Databricks Pricing Rating

Real-Time Data Processing: 4.8/5

Databricks supports real-time stream processing with Structured Streaming, enabling users to process and analyze data in motion. This is especially useful for applications like IoT data, financial transactions, social media analytics, and other real-time data sources.

ML Integration: 4.8/5

Databricks simplifies the application of machine learning (ML) by offering built-in ML libraries such as MLlib and integration with popular ML frameworks like TensorFlow, PyTorch, and XGBoost. The platform supports autoML (automated machine learning) workflows for building predictive models, hyperparameter tuning, and model selection, all without requiring deep expertise in data science.

Scalability: 4.8/5

Databricks operates on top of cloud-native infrastructure (supports AWS, Azure, and Google Cloud Platform), providing auto-scaling compute clusters to meet the demands of large-scale data processing and machine learning tasks. You only pay for what you use, making it cost-effective for organizations at any scale.

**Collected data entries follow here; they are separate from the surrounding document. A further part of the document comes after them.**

(* Let $\gamma:[0,1]\to\mathbb{C}$ be a Jordan arc (continuous and injective) and $t_0\in(0,1)$. Assume that for every open interval $I\subset(0,1)$ with $t_0\in I$ and every function $f:I\to\mathbb{C}$ the following two conditions are equivalent: (1) there are a power series $\sum_{n\ge0}a_n(t-t_0)^n$ with radius of convergence $r>0$ and $0<\delta\le r$ such that $f(t)=\sum_{n\ge0}a_n(t-t_0)^n$ for $t\in(t_0-\delta,t_0+\delta)$; (2) there are a power series $\sum_{n\ge0}b_n(z-\gamma(t_0))^n$ with radius of convergence $s>0$ and $0<\epsilon\le s$ such that $f(t)=\sum_{n\ge0}b_n(\gamma(t)-\gamma(t_0))^n$ for $t\in(t_0-\epsilon,t_0+\epsilon)$. Then $\gamma$ is locally analytic at $t_0$: there exist $\delta>0$ with $(t_0-\delta,t_0+\delta)\subset[0,1]$, an open set $V\subset\mathbb{C}$ containing $(t_0-\delta,t_0+\delta)$, and an injective holomorphic (conformal) map $\phi:V\to\mathbb{C}$ with $\phi=\gamma$ on $(t_0-\delta,t_0+\delta)$. *)

From Stdlib Require Import Reals.
Open Scope R_scope.

Definition Cx : Type := (R * R)%type.
Definition RtoC (x : R) : Cx := (x, 0).
Definition Cadd (z w : Cx) : Cx := (fst z + fst w, snd z + snd w).
Definition Copp (z : Cx) : Cx := (- fst z, - snd z).
Definition Csub (z w : Cx) : Cx := Cadd z (Copp w).
Definition Cmul (z w : Cx) : Cx :=
  (fst z * fst w - snd z * snd w, fst z * snd w + snd z * fst w).
Fixpoint Cpow (z : Cx) (n : nat) : Cx :=
  match n with O => (1, 0) | S m => Cmul z (Cpow z m) end.
Definition Cnorm (z : Cx) : R := sqrt (fst z * fst z + snd z * snd z).

Fixpoint Cpartial (u : nat -> Cx) (n : nat) : Cx :=
  match n with O => u O | S m => Cadd (Cpartial u m) (u (S m)) end.

Definition Cseries_cv (u : nat -> Cx) (l : Cx) : Prop :=
  forall eps, eps > 0 -> exists N : nat, forall n, (n >= N)%nat ->
    Cnorm (Csub (Cpartial u n) l) < eps.

(* The radius of convergence of sum_n a_n w^n (= sup of |w| at which the
   series converges) is >= r : the series converges at every w with |w| < r. *)
Definition radius_ge (a : nat -> Cx) (r : R) : Prop :=
  forall w : Cx, Cnorm w < r -> exists l, Cseries_cv (fun n => Cmul (a n) (Cpow w n)) l.

Definition jordan_arc (g : R -> Cx) : Prop :=
  (forall t, 0 <= t <= 1 -> forall eps, eps > 0 -> exists d, d > 0 /\
     forall s, 0 <= s <= 1 -> Rabs (s - t) < d -> Cnorm (Csub (g s) (g t)) < eps) /\
  (forall s t, 0 <= s <= 1 -> 0 <= t <= 1 -> g s = g t -> s = t).

Definition cond1 (a b t0 : R) (f : R -> Cx) : Prop :=
  exists (c : nat -> Cx) (r d : R), r > 0 /\ radius_ge c r /\ 0 < d <= r /\
    (forall t, t0 - d < t < t0 + d -> a < t < b) /\
    (forall t, t0 - d < t < t0 + d ->
       Cseries_cv (fun n => Cmul (c n) (Cpow (RtoC (t - t0)) n)) (f t)).

Definition cond2 (g : R -> Cx) (a b t0 : R) (f : R -> Cx) : Prop :=
  exists (c : nat -> Cx) (s e : R), s > 0 /\ radius_ge c s /\ 0 < e <= s /\
    (forall t, t0 - e < t < t0 + e -> a < t < b) /\
    (forall t, t0 - e < t < t0 + e ->
       Cseries_cv (fun n => Cmul (c n) (Cpow (Csub (g t) (g t0)) n)) (f t)).

Definition Copen (V : Cx -> Prop) : Prop :=
  forall z, V z -> exists r, r > 0 /\ forall w, Cnorm (Csub w z) < r -> V w.

Definition holomorphic_on (V : Cx -> Prop) (phi : Cx -> Cx) : Prop :=
  forall z, V z -> exists L : Cx, forall eps, eps > 0 -> exists d, d > 0 /\
    forall w, V w -> Cnorm (Csub w z) < d ->
      Cnorm (Csub (Csub (phi w) (phi z)) (Cmul L (Csub w z))) <= eps * Cnorm (Csub w z).

Definition injective_on (V : Cx -> Prop) (phi : Cx -> Cx) : Prop :=
  forall z w, V z -> V w -> phi z = phi w -> z = w.

(* Applied to f = gamma, which satisfies (2) with the series gamma(t0) + w, the
   hypothesis gives gamma(t) = sum a_n (t - t0)^n near t0; applied to f(t) = t, which
   satisfies (1), it gives t = sum b_n (gamma(t) - gamma(t0))^n.  If a_1 were 0, then
   |gamma(t0 + h) - gamma(t0)| = O(h^2) by the first expansion, whereas the second gives
   h = O(|gamma(t0 + h) - gamma(t0)|): absurd for small h > 0.  So a_1 <> 0, and
   phi(z) = sum a_n (z - t0)^n is holomorphic on a disc around t0, agrees with gamma on
   its real points, and is injective on a disc small enough for the linear term a_1 z
   to dominate the higher-order terms. *)

From Stdlib Require Import Reals Lra Lia ClassicalEpsilon.
From Coquelicot Require Import Coquelicot.
Open Scope R_scope.

Lemma Cx_ring_theory :
  @ring_theory Cx (0, 0) (1, 0) Cadd Cmul Csub Copp (@eq Cx).
Proof.
  split; intros; apply injective_projections;
    unfold Csub, Cadd, Copp, Cmul; simpl; ring.
Qed.

Add Ring Cx_ring : Cx_ring_theory.

(* [ring] selects the structure from the type of the goal, and a literal [(0, 0)]
   is typed [R * R] rather than [Cx]. *)
Add Ring Cx_pair_ring : (Cx_ring_theory : @ring_theory (R * R) _ _ _ _ _ _ _).

Implicit Types (z w X l : Cx) (u v c : nat -> Cx).

Lemma RtoC_add x y : RtoC (x + y) = Cadd (RtoC x) (RtoC y).
Proof. apply injective_projections; unfold RtoC, Cadd; simpl; ring. Qed.

Lemma RtoC_sub x y : RtoC (x - y) = Csub (RtoC x) (RtoC y).
Proof. apply injective_projections; unfold RtoC, Csub, Cadd, Copp; simpl; ring. Qed.
(* Let $0<a\le 1$. For every $\epsilon>0$ there is $c_1\in(\tfrac12,1)$ such that, for the two-phase marking scheme with parameter $c_1$ run alongside the biased random transpositions walk on $N$ cards, the first time $T_N$ at which all $N$ cards are marked satisfies $$P\Big(T_N>(1+\epsilon)\frac{1}{2a}N\log N\Big)=o(1)\quad\text{as }N\to\infty .$$
   Context: Biased random transpositions walk: $N=2n$ cards; $n$ are $a$-cards with weight $p(c)=a$ and $n$ are $b$-cards with weight $p(c)=b$, where $0<a\le1$, $b=2-a$. At each step $t$ two cards $R_t,L_t$ are chosen independently, each equal to card $c$ with probability $p(c)/N$, and their positions are exchanged (nothing if $R_t=L_t$). Two-phase marking scheme with parameter $c_1\in(\tfrac12,1)$, using auxiliary independent randomness; initially no card is marked; let $k$ be the number of marked cards at the start of step $t$. Phase 1 ($k<c_1N$): if $R_t$ and $L_t$ are both unmarked, mark $R_t$ with probability $\frac{a^2}{p(R_t)p(L_t)}$; otherwise do nothing. Phase 2 ($c_1N\le k<N$): assign to each unmarked card $u$ an ordered pair $(r(u),\ell(u))$ of marked cards such that $u\mapsto(r(u),\ell(u))$ is injective and at least one of $r(u),\ell(u)$ has the same type as $u$ (possible since $c_1>1/2$). Then: (1) if $R_t=L_t=u$ is unmarked, mark $u$ with probability $a/p(u)$; (2) if $R_t=u$ is unmarked and $L_t$ is marked, with probability $a/p(L_t)$ mark $u$, and otherwise move the mark from $L_t$ to $u$ (so $L_t$ becomes unmarked and $u$ marked); (3) symmetrically if $L_t=u$ is unmarked and $R_t$ marked, with probability $a/p(R_t)$ mark $u$, otherwise move the mark from $R_t$ to $u$; (4) if $(R_t,L_t)=(r(u),\ell(u))$ for an unmarked $u$, mark $u$ with probability $\frac{a\,p(u)}{p(R_t)p(L_t)}$; otherwise do nothing. The scheme ends when all cards are marked; $T_k$ is the first time $k$ cards are marked. *)

From mathcomp Require Import all_boot.
From Stdlib Require Import Reals.
Set Implicit Arguments. Unset Strict Implicit. Unset Printing Implicit Defensive.

(* Cards are 'I_(2*n): card i is an a-card iff i < n, otherwise a b-card. *)
Definition card_t (n : nat) := 'I_(2 * n).

Definition wt (n : nat) (a : R) (i : card_t n) : R :=
  if (i < n)%N then a else (2 - a)%R.

Definition same_type (n : nat) (i j : card_t n) : bool := (i < n)%N == (j < n)%N.

Definition ind (b : bool) : R := if b then 1%R else 0%R.

(* An assignment rule for phase 2: given the current marked set S and an
   unmarked card u, the ordered pair (r(u), l(u)). *)
Definition assignment (n : nat) := {set card_t n} -> card_t n -> card_t n * card_t n.

Definition valid_assignment (n : nat) (c1 : R) (asg : assignment n) : Prop :=
  forall S : {set card_t n},
    (c1 * INR (2 * n) <= INR #|S|)%R -> (#|S| < 2 * n)%N ->
    (forall u v, u \notin S -> v \notin S -> asg S u = asg S v -> u = v) /\
    (forall u, u \notin S ->
        (asg S u).1 \in S /\ (asg S u).2 \in S /\
        (same_type u (asg S u).1 || same_type u (asg S u).2)).

Definition phase1_trans (n : nat) (a : R) (S : {set card_t n}) (r l : card_t n)
    (S' : {set card_t n}) : R :=
  if (r \notin S) && (l \notin S) then
    let q := (a * a / (wt a r * wt a l))%R in
    (q * ind (S' == r |: S) + (1 - q) * ind (S' == S))%R
  else ind (S' == S).

Definition phase2_trans (n : nat) (a : R) (g : card_t n -> card_t n * card_t n)
    (S : {set card_t n}) (r l : card_t n) (S' : {set card_t n}) : R :=
  if (r \notin S) && (r == l) then
    let q := (a / wt a r)%R in
    (q * ind (S' == r |: S) + (1 - q) * ind (S' == S))%R
  else if (r \notin S) && (l \in S) then
    let q := (a / wt a l)%R in
    (q * ind (S' == r |: S) + (1 - q) * ind (S' == r |: (S :\ l)))%R
  else if (l \notin S) && (r \in S) then
    let q := (a / wt a r)%R in
    (q * ind (S' == l |: S) + (1 - q) * ind (S' == l |: (S :\ r)))%R
  else if (r \in S) && (l \in S) then
    match [pick u | (u \notin S) && (g u == (r, l))] with
    | Some u =>
        let q := (a * wt a u / (wt a r * wt a l))%R in
        (q * ind (S' == u |: S) + (1 - q) * ind (S' == S))%R
    | None => ind (S' == S)
    end
  else ind (S' == S).

Definition mark_trans (n : nat) (a c1 : R) (asg : assignment n)
    (S : {set card_t n}) (r l : card_t n) (S' : {set card_t n}) : R :=
  if #|S| == 2 * n then ind (S' == S)
  else if Rlt_dec (INR #|S|) (c1 * INR (2 * n)) then phase1_trans a S r l S'
  else phase2_trans a (asg S) S r l S'.

(* One step of the law of the marked set: R_t, L_t independent, P(R_t = c) = p(c)/N. *)
Definition mark_step (n : nat) (a c1 : R) (asg : assignment n)
    (mu : {set card_t n} -> R) (S' : {set card_t n}) : R :=
  \big[Rplus/0%R]_(S : {set card_t n})
   \big[Rplus/0%R]_(r : card_t n)
    \big[Rplus/0%R]_(l : card_t n)
      (mu S * (wt a r / INR (2 * n)) * (wt a l / INR (2 * n))
         * mark_trans a c1 asg S r l S')%R.

Fixpoint mark_law (n : nat) (a c1 : R) (asg : assignment n) (t : nat)
    : {set card_t n} -> R :=
  match t with
  | 0 => fun S => ind (S == set0)
  | t'.+1 => mark_step a c1 asg (mark_law a c1 asg t')
  end.

(* P(T_N > t) for integer t: not all cards marked after t steps. *)
Definition prob_not_done (n : nat) (a c1 : R) (asg : assignment n) (t : nat) : R :=
  \big[Rplus/0%R]_(S : {set card_t n} | S != setT) mark_law a c1 asg t S.

(* P(T_N > x) for real x >= 0 equals P(T_N > floor x). *)
Definition prob_T_gt (n : nat) (a c1 : R) (asg : assignment n) (x : R) : R :=
  prob_not_done a c1 asg (Z.to_nat (Int_part x)).

(* A drift argument. Write N = 2n, k for the number of marked cards and
   lam = 2a(1 - delta)/N. We build a potential Psi of the marked set which is at
   least 1 until every card is marked and whose expectation contracts by the factor
   1 - lam at every step, so that
     P(T_N > t) <= E Psi(S_t) <= (1 - lam)^t Psi(set0) <= exp(-lam t) w N e^C,
   which is O(N^(-eps/2)) at t = (1 + eps) N log N / (2a).
   In phase 1, Psi = w N rho^(N - k) with rho = 1 + C/N: some card gets marked with
   probability at least (1 - c1)^2 a^2, which beats lam once C is large.
   In phase 2, Psi counts the unmarked cards, a-cards with weight w. An unmarked
   card u is drawn together with a marked card at rate about 2 p(u) k / N^2; for an
   a-card this is only 2ak/N^2, but against a marked b-card the mark moves onto u
   with probability (2 - 2a)/(2 - a) and Psi still drops by w - 1. For c1 close to 1
   and w large every unmarked card thus contributes lam/2 times its weight to the
   expected decrease. *)

From HB Require Import structures.
From mathcomp Require Import all_boot.
From Stdlib Require Import Reals Lra Lia.
Set Implicit Arguments. Unset Strict Implicit. Unset Printing Implicit Defensive.
Open Scope R_scope.

HB.instance Definition _ :=
  Monoid.isComLaw.Build R 0 Rplus (fun x y z => esym (Rplus_assoc x y z)) Rplus_comm Rplus_0_l.
HB.instance Definition _ := Monoid.isMulLaw.Build R 0 Rmult Rmult_0_l Rmult_0_r.
HB.instance Definition _ :=
  Monoid.isAddLaw.Build R Rmult Rplus Rmult_plus_distr_r Rmult_plus_distr_l.

Section RealSums.
Variable T : finType.

Lemma sumR_le (F G : T -> R) :
  (forall i, F i <= G i) -> \big[Rplus/0]_(i : T) F i <= \big[Rplus/0]_(i : T) G i.
Proof. by move=> FG; apply: (big_ind2 (fun x y => x <= y)) => //; [lra | move=> *; lra]. Qed.

Lemma sumR_ge0 (F : T -> R) : (forall i, 0 <= F i) -> 0 <= \big[Rplus/0]_(i : T) F i.
Proof. by move=> F0; apply: (big_ind (fun x => 0 <= x)) => //; [lra | move=> *; lra]. Qed.

Lemma sumR_ind_eq (X : T) (f : T -> R) : \big[Rplus/0]_(S : T) (ind (S == X) * f S) = f X.
Proof.
rewrite (bigD1 X) //= eqxx big1 /ind /=; first lra.
by move=> i /negbTE ->; lra.
Qed.

Lemma sumR_ind_mix (X Y : T) (f : T -> R) q q' :
  \big[Rplus/0]_(S : T) ((q * ind (S == X) + q' * ind (S == Y)) * f S) = q * f X + q' * f Y.
Proof.
rewrite (eq_bigr (fun S => q * (ind (S == X) * f S) + q' * (ind (S == Y) * f S))).
  by rewrite big_split /= -!big_distrr /= !sumR_ind_eq.
by move=> S _; ring.
Qed.

Lemma sumR_ind_card (A : {pred T}) : \big[Rplus/0]_(i : T) ind (i \in A) = INR #|A|.
Proof.
rewrite -big_mkcond /= big_const.
by elim: #|A| => [//|k IH]; rewrite iterS IH S_INR; lra.
Qed.

Lemma sumR_one : \big[Rplus/0]_(i : T) 1 = INR #|T|.
Proof. by rewrite (eq_bigr (fun i => ind (i \in T))) // sumR_ind_card. Qed.

End RealSums.

Lemma ind_ge0 b : 0 <= ind b. Proof. by rewrite /ind; case: b; lra. Qed.

Lemma ind_mul_le b x y : 0 <= x -> x <= y -> ind b * x <= y.
Proof. by rewrite /ind; case: b; lra. Qed.

Lemma ind_mul_half_le b x y : x / 2 <= y -> ind b * x <= 2 * (ind b * y).
Proof. by rewrite /ind; case: b; lra. Qed.

Section Cards.
Variable n : nat.
Local Notation N := (INR (2 * n)).

Lemma card_a_cards : #|[pred l : card_t n | (l < n)%nat]| = n.
Proof.
rewrite -sum1_card (big_mkcond (fun i => i \in _)) /=.
rewrite -(big_mkord xpredT (fun i => if (i < n)%nat then 1%nat else 0%nat)).
rewrite (big_cat_nat _ (n := n)) /=; [|by []|by rewrite leq_pmull].
rewrite [X in (_ + X)%nat]big1_seq; last first.
  by move=> i /andP[_]; rewrite mem_index_iota => /andP[ni _]; rewrite ltnNge ni.
rewrite addn0 big_nat_cond (eq_bigr (fun _ => 1%nat)); last by move=> i /andP[/andP[_ ->]].
by rewrite -big_nat_cond sum_nat_const_nat muln1 subn0.
Qed.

FAQ on Databricks AI Pricing

What does the free trial include?

Your trial includes free access to the Databricks Data Intelligence Platform, which allows you to manage all your data, analytics and AI in one place. You may also invite colleagues or collaborators to use your account during or after your trial.

Please note that if you configure Databricks to work with your own cloud account, you will still be charged by your cloud provider for resources, like compute instances, used within your account during the free trial.

Some trials include credits that can be spent on Databricks services. These credits are not transferable, cannot be combined with other promotions or negotiated terms, and are not available to customers who previously accepted them. A customer’s eligibility for credits under this offer, the amount of credits (if any), and when any credits expire are solely determined by Databricks following account creation. A customer’s trial ends when their credits are exhausted.

What happens after the free trial?

At the end of the trial, you are automatically subscribed to the plan that you have been using during the trial. You may need to input a valid payment method to continue using Databricks. You can cancel your subscription at any time.

Is pricing based on usage or storage volume?

Databricks pricing is based on your compute usage. Storage, networking and related costs will vary depending on the services you choose and your cloud service provider.

What is a DBU?

A Databricks Unit (DBU) is a normalized unit of processing power on the Databricks Lakehouse Platform used for measurement and pricing purposes. The number of DBUs a workload consumes is driven by processing metrics, which may include the compute resources used and the amount of data processed.